• Work required
Please set down only the lines between the line containing "have a_ge0 : 0 <= a%:R :> R := ler0n _ _." and the end of the records, inclusive, exactly as they stand.

• Input for this task

(* For all integers $m\ge 2$ and $n\ge 1$, $p(m,n)<n!/2$.
   Context: For integers $m\ge 2$, $n\ge 1$, a valid $(m,n)$-sequence is a sequence $(a_1,\dots,a_{mn})$ with entries in $\{1,\dots,n\}$ in which each $k\in\{1,\dots,n\}$ occurs exactly $m$ times, and such that any two consecutive occurrences of $k$ are separated by exactly $k$ other terms; equivalently, there is an index $\theta_k$ such that $k$ occurs exactly at the positions $\theta_k,\ \theta_k+(k+1),\ \dots,\theta_k+(m-1)(k+1)$ (all in $\{1,\dots,mn\}$). The reversal of a valid sequence is again valid; $p(m,n)$ denotes the number of valid $(m,n)$-sequences counted up to reversal (i.e. the number of equivalence classes of valid sequences under identifying a sequence with its reversal). *)

From mathcomp Require Import all_boot.
Set Implicit Arguments. Unset Strict Implicit. Unset Printing Implicit Defensive.

(* A candidate (m,n)-sequence: a tuple of length m*n with entries in 'I_n.+1
   (i.e. in {0,...,n}); validity additionally requires entries to be nonzero.
   Positions are 0-indexed: position i here is position i+1 in the paper. *)
Definition occurs_as_prescribed (m n : nat) (t : (m * n).-tuple 'I_n.+1)
    (k : 'I_n.+1) : bool :=
  [exists theta : 'I_(m * n),
     (theta + (m - 1) * (k + 1) < m * n) &&
     [forall i : 'I_(m * n),
        (tnth t i == k) == [exists j : 'I_m, val i == theta + j * (k + 1)]]].
Lemma admissible_mulv_Theta j0 A a c x : (2 * c + 3 <= a)%N -> 4 * a%:R <= A ->
  admissible j0 A x -> admissible j0 a%:R (mulv n (Theta R n a c) x).
Proof.
move=> a_ge A_ge x_adm; have [X_le_2P P_le_X] := admissible_vpairs x_adm.
case: x_adm => x_ge0 X_gt0 x1_le _ pair_le.
set y := mulv n _ x; set X := vtail n x in X_gt0 x1_le pair_le X_le_2P P_le_X *.
have n_gt1 : (1 < n)%N by lia.
have y1 : y 1%N = x 1%N + c%:R * X by rewrite /y mulv_Theta_first.
have yn : y n = x 1%N + (c%:R + 1) * X by rewrite /y mulv_Theta_last // -[c.+1%:R]natr1.
have /andP[a1P _] := vtail_mulv_Theta_bounds a c x_ge0.
rewrite -/y -/X in a1P.
have x1_ge0 : 0 <= x 1%N by apply: x_ge0; lia.
have cX : 0 <= c%:R * X by rewrite mulr_ge0 ?ler0n ?ltW.
have a_ge0 : 0 <= a%:R :> R := ler0n _ _.
have aX_le : (a%:R + 1) * X <= (a%:R + 1) * (2 * vpairs h x) by rewrite ler_wpM2l //; lra.
have aP_ge0 : 0 <= (a%:R + 1) * vpairs h x by rewrite mulr_ge0 //; lra.
split.
- by move=> s _; apply: mulv_Theta_ge0.
- by move: a1P; rewrite yn; lra.
- by move: a1P; rewrite y1 yn; lra.
- have cX_le : (2 * c%:R + 4) * X <= (a%:R + 1) * X.
    by rewrite ler_pM2r //; move: a_ge; rewrite -(ler_nat R) natrD natrM; lra.
  by move: a1P; rewrite yn; lra.
move=> l l_in l_ne; have A_pair := pair_le l l_in l_ne.
have [u_ge0 v_ge0] := pair_ge0 x_ge0 l_in.
rewrite /y; have [-> ->] := mulv_Theta_pair a c x l_in; rewrite -/X.
set u := x (2 * l)%N in A_pair u_ge0 *; set v := x (2 * l).+1 in A_pair v_ge0 *.
have a_pair : a%:R * (u + v) <= X.
  have : 4 * a%:R * (u + v) <= A * (u + v) by rewrite ler_wpM2r //; lra.
  lra.
have av_le : a%:R * v <= a%:R * (u + v) by rewrite ler_wpM2l //; lra.
have : (a%:R + 1) * (a%:R * (u + v)) <= (a%:R + 1) * X by rewrite ler_wpM2l //; lra.
by move: a1P; rewrite yn; lra.
Qed.

Lemma vsum_mulv_Theta_bounds j0 A a c x : admissible j0 A x ->
  vtail n x <= vsum n (mulv n (Theta R n a c) x)
            <= (2 * c + h + a + 5)%:R * vtail n x.
Proof.
move=> x_adm; have [X_le_2P P_le_X] := admissible_vpairs x_adm.
case: x_adm => x_ge0 X_gt0 x1_le _ _.
have /andP[Q_lo Q_hi] := vtail_mulv_Theta_bounds a c x_ge0.
have n_gt1 : (1 < n)%N by lia.
rewrite /vsum big_ltn 1?ltnW // -/(vtail n _) mulv_Theta_first //.
rewrite mulv_Theta_last // -[c.+1%:R]natr1 in Q_lo Q_hi.
set X := vtail n x in X_gt0 x1_le X_le_2P P_le_X Q_lo Q_hi *.
have x1_ge0 : 0 <= x 1%N by apply: x_ge0; lia.
have cX : 0 <= c%:R * X by rewrite mulr_ge0 ?ler0n ?ltW.
have aP_ge0 : 0 <= (a%:R + 1) * vpairs h x by rewrite mulr_ge0 //; lra.
have aP_le : (a%:R + 2) * vpairs h x <= (a%:R + 2) * X by rewrite ler_wpM2l //; lra.
apply/andP; split; lra.
Qed.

• Response
have a_ge0 : 0 <= a%:R :> R := ler0n _ _.
have aX_le : (a%:R + 1) * X <= (a%:R + 1) * (2 * vpairs h x) by rewrite ler_wpM2l //; lra.
have aP_ge0 : 0 <= (a%:R + 1) * vpairs h x by rewrite mulr_ge0 //; lra.
split.
- by move=> s _; apply: mulv_Theta_ge0.
- by move: a1P; rewrite yn; lra.
- by move: a1P; rewrite y1 yn; lra.
- have cX_le : (2 * c%:R + 4) * X <= (a%:R + 1) * X.
    by rewrite ler_pM2r //; move: a_ge; rewrite -(ler_nat R) natrD natrM; lra.
  by move: a1P; rewrite yn; lra.
move=> l l_in l_ne; have A_pair := pair_le l l_in l_ne.
have [u_ge0 v_ge0] := pair_ge0 x_ge0 l_in.
rewrite /y; have [-> ->] := mulv_Theta_pair a c x l_in; rewrite -/X.
set u := x (2 * l)%N in A_pair u_ge0 *; set v := x (2 * l).+1 in A_pair v_ge0 *.
have a_pair : a%:R * (u + v) <= X.
  have : 4 * a%:R * (u + v) <= A * (u + v) by rewrite ler_wpM2r //; lra.
  lra.
have av_le : a%:R * v <= a%:R * (u + v) by rewrite ler_wpM2l //; lra.
have : (a%:R + 1) * (a%:R * (u + v)) <= (a%:R + 1) * X by rewrite ler_wpM2l //; lra.
by move: a1P; rewrite yn; lra.
Qed.

Lemma vsum_mulv_Theta_bounds j0 A a c x : admissible j0 A x ->
  vtail n x <= vsum n (mulv n (Theta R n a c) x)
            <= (2 * c + h + a + 5)%:R * vtail n x.
Proof.
move=> x_adm; have [X_le_2P P_le_X] := admissible_vpairs x_adm.
case: x_adm => x_ge0 X_gt0 x1_le _ _.
have /andP[Q_lo Q_hi] := vtail_mulv_Theta_bounds a c x_ge0.
have n_gt1 : (1 < n)%N by lia.
rewrite /vsum big_ltn 1?ltnW // -/(vtail n _) mulv_Theta_first //.
rewrite mulv_Theta_last // -[c.+1%:R]natr1 in Q_lo Q_hi.
set X := vtail n x in X_gt0 x1_le X_le_2P P_le_X Q_lo Q_hi *.
have x1_ge0 : 0 <= x 1%N by apply: x_ge0; lia.
have cX : 0 <= c%:R * X by rewrite mulr_ge0 ?ler0n ?ltW.
have aP_ge0 : 0 <= (a%:R + 1) * vpairs h x by rewrite mulr_ge0 //; lra.
have aP_le : (a%:R + 2) * vpairs h x <= (a%:R + 2) * X by rewrite ler_wpM2l //; lra.
apply/andP; split; lra.
Qed.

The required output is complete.